I was supposed to go back in 2020 and then COVID-19 hit. Hopefully, with COVID-19 vaccinations, we’ll be able to go back. We plan on conducting two experiments. One would be to estimate how much plastic has been transported in that little creek next to the hotel. For several hours during a tide out cycle, we would go out and physically work with the people who are collecting the trash, weigh it and see how much is being collected and then get an estimate on how much is being brought in. We will probably try to do a survey and look at the amount we can see physically around that creek. The other thing that we will do is try to document the variety of items that exist in the plastic litter and take some samples.
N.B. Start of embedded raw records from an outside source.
Lemma partition_pos t y : (1 <= t)%nat -> 0 < partition t y.
Proof.
  intros Ht. apply Rlt_le_trans with (exp (INR 1 * y) / d 1).
  - apply Rdiv_lt_0_compat; [apply exp_pos | apply d_pos].
  - apply (sum1t_ge_term t (fun i => exp (INR i * y) / d i)); [|lia].
    intros; apply Rdiv_le_0_compat; [apply Rlt_le, exp_pos | apply d_pos].
Qed.

Lemma exp_log_norm t y : (1 <= t)%nat -> exp (log_norm t y) * partition t y = 1.
Proof.
  intros Ht. pose proof (partition_pos t y Ht).
  unfold log_norm. rewrite exp_Ropp, exp_ln by lra. field. lra.
Qed.

Lemma sum1t_weight t x y : sum1t t (weight x y) = exp x * partition t y.
Proof.
  unfold partition. rewrite <- sum1t_scal. apply sum1t_ext; intros.
  unfold weight. rewrite exp_plus. unfold Rdiv; ring.
Qed.

Lemma sum1t_mul_weight t x y : sum1t t (fun i => INR i * weight x y i) =
  exp x * sum1t t (fun i => INR i * exp (INR i * y) / d i).
Proof.
  rewrite <- sum1t_scal. apply sum1t_ext; intros.
  unfold weight. rewrite exp_plus. unfold Rdiv; ring.
Qed.

Lemma xy_sol_mean t y : (1 <= t)%nat -> xy_sol t (mean t y) (log_norm t y) y.
Proof.
  intros Ht. apply xy_solE. split; [|reflexivity].
  rewrite sum1t_weight. apply exp_log_norm, Ht.
Qed.

Lemma xy_sol_mean_eq t rho x y : (1 <= t)%nat -> xy_sol t rho x y -> rho = mean t y.
Proof.
  intros Ht Hs. apply xy_solE in Hs as [Hw <-].
  pose proof (partition_pos t y Ht). pose proof (exp_log_norm t y Ht).
  rewrite sum1t_weight in Hw.
  assert (Hx : x = log_norm t y) by (apply exp_inv, (Rmult_eq_reg_r (partition t y)); lra).
  rewrite Hx. reflexivity.
Qed.

Lemma mean_increasing t u v : (2 <= t)%nat -> u < v -> mean t u < mean t v.
Proof.
  intros Ht Huv.
  apply (xy_sol_increasing t _ (log_norm t u) u _ (log_norm t v) v Ht);
    [apply xy_sol_mean; lia | apply xy_sol_mean; lia | exact Huv].
Qed.

Definition moment_gap (t : nat) (rho y : R) : R :=
  sum1t t (fun i => (INR i - rho) * exp (INR i * y) / d i).

Lemma moment_gap_eq t rho y : (1 <= t)%nat ->
  moment_gap t rho y = (mean t y - rho) * partition t y.
Proof.
  intros Ht. pose proof (exp_log_norm t y Ht) as E.
  transitivity (sum1t t (fun i => INR i * exp (INR i * y) / d i) + (- rho) * partition t y).
  - unfold moment_gap, partition. rewrite <- sum1t_scal, <- sum1t_plus.
    apply sum1t_ext; intros; unfold Rdiv; ring.
  - unfold mean. rewrite sum1t_mul_weight.
    set (M := sum1t t (fun i => INR i * exp (INR i * y) / d i)).
    rewrite <- (Rmult_1_l M) at 1. rewrite <- E. ring.
Qed.

Lemma moment_gap_continuity t rho : continuity (moment_gap t rho).
Proof.
  intros y. apply (sum1t_continuity_pt t (fun i y => (INR i - rho) * exp (INR i * y) / d i)).
  intros i. apply continuity_pt_filterlim.
  apply (ex_derive_continuous (fun y => (INR i - rho) * exp (INR i * y) / d i)).
  auto_derive. pose proof (d_pos i). lra.
Qed.

Lemma mul_div_le_bound c C E E' D : 0 <= E <= E' -> c <= C -> 0 <= C -> 1 <= D ->
  c * E / D <= C * E'.
Proof.
  intros HE Hc HC HD.
  assert (HD' : 0 < / D <= 1) by (split; [apply Rinv_0_lt_compat | rewrite <- Rinv_1;
    apply Rinv_le_contravar]; lra).
  unfold Rdiv. destruct (Rle_or_lt c 0).
  - assert (c * E <= 0) by nra. assert (c * E * / D <= 0) by nra.
    assert (0 <= C * E') by nra. lra.
  - assert (0 <= c * E) by nra. assert (c * E * / D <= c * E) by nra.
    assert (c * E <= C * E) by nra. assert (C * E <= C * E') by nra. lra.
Qed.
Lemma universal_iso (L E A : lsa F) wE wA :
  is_lsa E -> is_lsa A -> ext_universal L E wE -> ext_universal L A wA -> lsa_iso E A.
Proof.
move=> lE lA UE UA; have [pE uE] := UE; have [pA uA] := UA.
have [f [[mf fw] _]] := uE A lA wA pA.
have [g [[mg gw] _]] := uA E lE wE pE.
exists f; split => //; exists g => x.
- by apply: (universal_endo_id lE UE (morph_comp mf mg)) => x' y' /=; rewrite fw gw.
- by apply: (universal_endo_id lA UA (morph_comp mg mf)) => x' y' /=; rewrite gw fw.
Qed.

Lemma is_lsa_abelian k (p : 'I_k -> bool) :
  is_lsa (coord_lsa p (fun _ _ => (0 : 'rV[F]_k))).
Proof.
split; first by move=> a i _; rewrite mxE.
split; first by move=> a c x y Hx Hy i Hi; rewrite !mxE Hx // Hy // mulr0 addr0.
split.
  move=> x; exists (\row_i if p i then 0 else x 0 i), (\row_i if p i then x 0 i else 0).
  split; try by move=> i; rewrite mxE; case: (p i).
  by apply/rowP => i; rewrite !mxE; case: (p i); rewrite ?add0r ?addr0.
split.
  move=> x H0 H1; apply/rowP => i; rewrite mxE.
  by case E: (p i); [apply: H0 | apply: H1]; rewrite E.
split; first by move=> *; rewrite scaler0 addr0.
split; first by move=> *; rewrite scaler0 addr0.
split; first by move=> a b x y _ _ i _; rewrite mxE.
split; first by move=> *; rewrite scaler0 oppr0.
by move=> *; rewrite !scaler0 !addr0.
Qed.

Lemma ext_square_of_universal (L : lsa F) r s w :
  ext_universal L (Aab F r s) w -> ext_square_iso L (Aab F r s).
Proof.
move=> U; split; first by exists w.
by move=> E w' lE UE; apply: universal_iso lE (is_lsa_abelian _) UE U.
Qed.

End Universality.

(* The pairing attached to a list S of index pairs: e_l /\ e_l' is sent to the
   basis vector of the position of (l,l') in S, or to -(-1)^{|l||l'|} times
   that of (l',l), or to 0.  It is universal under the conditions below. *)
Section CoordinateWedge.
Variables (F : fieldType) (K : nat) (p : 'I_K -> bool).
Variable br : 'rV[F]_K -> 'rV[F]_K -> 'rV[F]_K.
Variables (r s : nat) (S : seq (nat * nat)).

Local Notation L := (coord_lsa p br).
Local Notation A := (Aab F r s).
Local Notation E := (ebasis F K).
The next study would be to look at the sediment and the water column and filter out the plastic and then study the plastic, similarly to what Jonathan Cohen [associate professor in the School of Marine Science and Policy] is doing in the Delaware Bay. We are trying to see whether the material we see on the shores is the same material that we find in the water column and in the sediment column. It would be like conducting a parallel study of what is happening in the Delaware Bay estuary to what is happening in the Wouri Estuary. It allows us to connect these two estuaries. One in a developed country and one in a developing country.

There are not many documentations of plastic research in tropical West Africa and in Africa as a whole so these kinds of studies can help show the extent to which this is a growing problem. There are hundreds of kilometers of tidal creeks through the Wouri Estuary, which is evidence that there is still plenty of trash trapped in there. We physically attempted to remove some of the trash and it’s tough. It will take quite a bit to clean up the estuary, and it’s something that will have to happen in order for the estuary and the ecosystem to be restored and to restore the aesthetics of the estuary.

It will take an effort beyond the local community to do this because of the resources and logistics that will be required. The person-hours it will take to go through all the tidal creeks and physically remove the plastic will cost money. Then there is the question of what do you do when you actually remove it? And then, what do you do to prevent further release of plastic? It’s a daunting task that requires cooperation between the government, the local citizens and maybe even support from the plastic manufacturers because they seem to be in part responsible for that problem.